The defendant's eighth and ninth prayers were given, with very slight modifications, and defendant was not prejudiced by these modifications. Besides, the modifications were proper, and the law involved in them has not been discussed in what we have said above.
The defendant's tenth, eleventh, twelfth and thirteenth prayers were properly refused by the court. The tenth is as to whether the brandy was a payment, and as to its value. The eleventh is as to the plaintiff's right to "split" it up and apply it as a payment on the three notes, and the twelfth is also as to the right of plaintiff to make the application — all of which have been discussed and disposed of in what has already been said.

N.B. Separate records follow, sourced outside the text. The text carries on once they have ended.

Theorem lemma3p8 (n r : nat) (X : seq letter) (s : seq nat)
  (F : nat -> option sym) (t a : nat) (J : seq nat) :
  size X = n -> count_mem LL X = r ->
  is_tiling X s -> is_RAT X s F ->
  t < size s -> in_tile X s t a -> letterOf X a = L0 ->
  lab_at X s F t a = Some J ->
  (forall t', t' < t -> in_tile X s t' a -> F t' <> Some Alpha) ->
  lab_at X s F 0 a = Some [:: \max_(j <- J) j].
Proof.
move=> _ _ tiling rat lt_t a_t a_north lab_t no_alpha.
have lt_a := in_tile_lt tiling lt_t a_t.
have live_a := north_strip_live rat (ltnW lt_t) a_north no_alpha.
have [m cnt_t] : exists m, cnt_at X s F t a = Some m.
  case c_t: (cnt_at X s F t a) => [m|]; first by exists m.
  by have [t0 [b [lt_t0 /(live_a _ _ lt_t0)]]] := cnt_at_None rat (ltnW lt_t) c_t.
have [y] := interval_labels_at tiling rat (ltnW lt_t) lt_a cnt_t.
rewrite lab_t => -[J_iota].
have [c lab_0] := lab_at0_suffix (ltnW lt_t) live_a lab_t.
have [z] := interval_labels_at tiling rat (leq0n _) lt_a (erefl (Some 1)).
rewrite lab_0 J_iota => -[drop_J].
by rewrite drop_J (bigmax_iota_drop drop_J).
Qed.
(* Every closed semi-smooth subset of $\mathbb{C}$ is a $2$-dimensional topological manifold with boundary.
   Context: Let $B\subset\mathbb{C}$ be closed. For $z\in\partial B$, a vector $\mathbf v\in T_z\mathbb{C}\cong\mathbb{C}$ is normal to $B$ if $\mathbf v\neq 0$ and for every $\theta\in(0,\pi/2)$ there is $\delta>0$ such that the open sector $\{z+te^{i\phi}\mathbf v/|\mathbf v| : \phi\in(-\theta,\theta),\ t\in(0,\delta)\}$ is disjoint from $B$. The closed set $B$ is semi-smooth if (i) for every $z\in\partial B$ the set of vectors normal to $B$ at $z$ is non-empty and convex, and (ii) any non-zero limit of normal vectors is normal: if $z_n\in\partial B$, $\mathbf v_n$ is normal to $B$ at $z_n$, $z_n\to z$ and $\mathbf v_n\to\mathbf v\neq 0$, then $\mathbf v$ is normal to $B$ at $z$. *)

From Stdlib Require Import Reals.
From Coquelicot Require Import Coquelicot.
Open Scope R_scope.

Definition is_open (U : C -> Prop) : Prop :=
  forall z, U z -> exists e, 0 < e /\ forall w, Cmod (w - z)%C < e -> U w.

Definition is_closed (B : C -> Prop) : Prop :=
  forall z, (forall e, 0 < e -> exists w, B w /\ Cmod (w - z)%C < e) -> B z.

Definition interior (B : C -> Prop) (z : C) : Prop :=
  exists e, 0 < e /\ forall w, Cmod (w - z)%C < e -> B w.

Definition closure (B : C -> Prop) (z : C) : Prop :=
  forall e, 0 < e -> exists w, B w /\ Cmod (w - z)%C < e.

Definition boundary (B : C -> Prop) (z : C) : Prop :=
  closure B z /\ ~ interior B z.

Definition seq_conv (u : nat -> C) (l : C) : Prop :=
  forall e, 0 < e -> exists N, forall n, (N <= n)%nat -> Cmod (u n - l)%C < e.

Definition expi (phi : R) : C := (cos phi, sin phi).

Definition is_normal (B : C -> Prop) (z v : C) : Prop :=
  v <> 0%C /\
  forall theta, 0 < theta < PI / 2 ->
    exists delta, 0 < delta /\
      forall phi t, - theta < phi < theta -> 0 < t < delta ->
        ~ B (z + RtoC t * expi phi * (v / RtoC (Cmod v)))%C.

Definition semi_smooth (B : C -> Prop) : Prop :=
  is_closed B /\
  (forall z, boundary B z ->
     (exists v, is_normal B z v) /\
     (forall v w (l : R), is_normal B z v -> is_normal B z w -> 0 <= l <= 1 ->
        is_normal B z (RtoC l * v + RtoC (1 - l) * w)%C)) /\
  (forall (zs vs : nat -> C) (z v : C),
     (forall n, boundary B (zs n)) ->
     (forall n, is_normal B (zs n) (vs n)) ->
     seq_conv zs z -> seq_conv vs v -> v <> 0%C ->
     is_normal B z v).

The thirteenth prayer presents the main point in the case, as to whether there was any evidence of payment or any such evidence as should have been submitted to the jury. If there was not, the defendant was entitled to this prayer. Wittkowsky v. Wasson, 71 N.C. 451; State v. Vinson, 63 N.C. 335. This rule is well established, but where the evidence is slight there is often difficulty in making the application; and in such cases it is the safe rule to submit the question to the good sense of the jury. State v. Allen, 48 N.C. 257. It is true the evidence of this payment was not very positive. But there was certainly some evidence; there was more than a scintilla — more than there was in Wittkowsky v. Wasson, or S. v. Vinson, supra — more than would authorize the court in saying there was no evidence (222) and to take the issue from the jury; and had his Honor done so, he would have committed an error which would have entitled the plaintiff to a new trial. This being so, it cannot be error in the court to submit the issue of payment to the jury; and as the jury have found the payment, and as we find no error in the record, the judgment must be affirmed.
This opinion does not overrule the case of Young v. Alford, 113 N.C. 130. It was before this Court at that time on quite a different state of facts. It then presented two questions — one as to whether the endorsed payments after the claim is barred by the statute were evidence of actual payment — and the Court held they were not. This was held to be so on the trial below, and this question is not presented by this appeal, but in the discussion we have sustained that ruling. The other question was as to whether the indebtedness, which would be a counterclaim, would rebut the statutory bar or revive the indebtedness when barred. That question is not presented by this appeal; but if it were we would sustain that ruling. The judgment is
Affirmed.
Cited: Weeks v. R. R., 119 N.C. 742; Spruill v. Ins. Co., 120 N.C. 149; S. v. Gragg, 122 N.C. 1091; Gupton v. Hawkins, 126 N.C. 83; Bond v. Wilson, 129 N.C. 388; Lee v. Manley, 154 N.C. 246.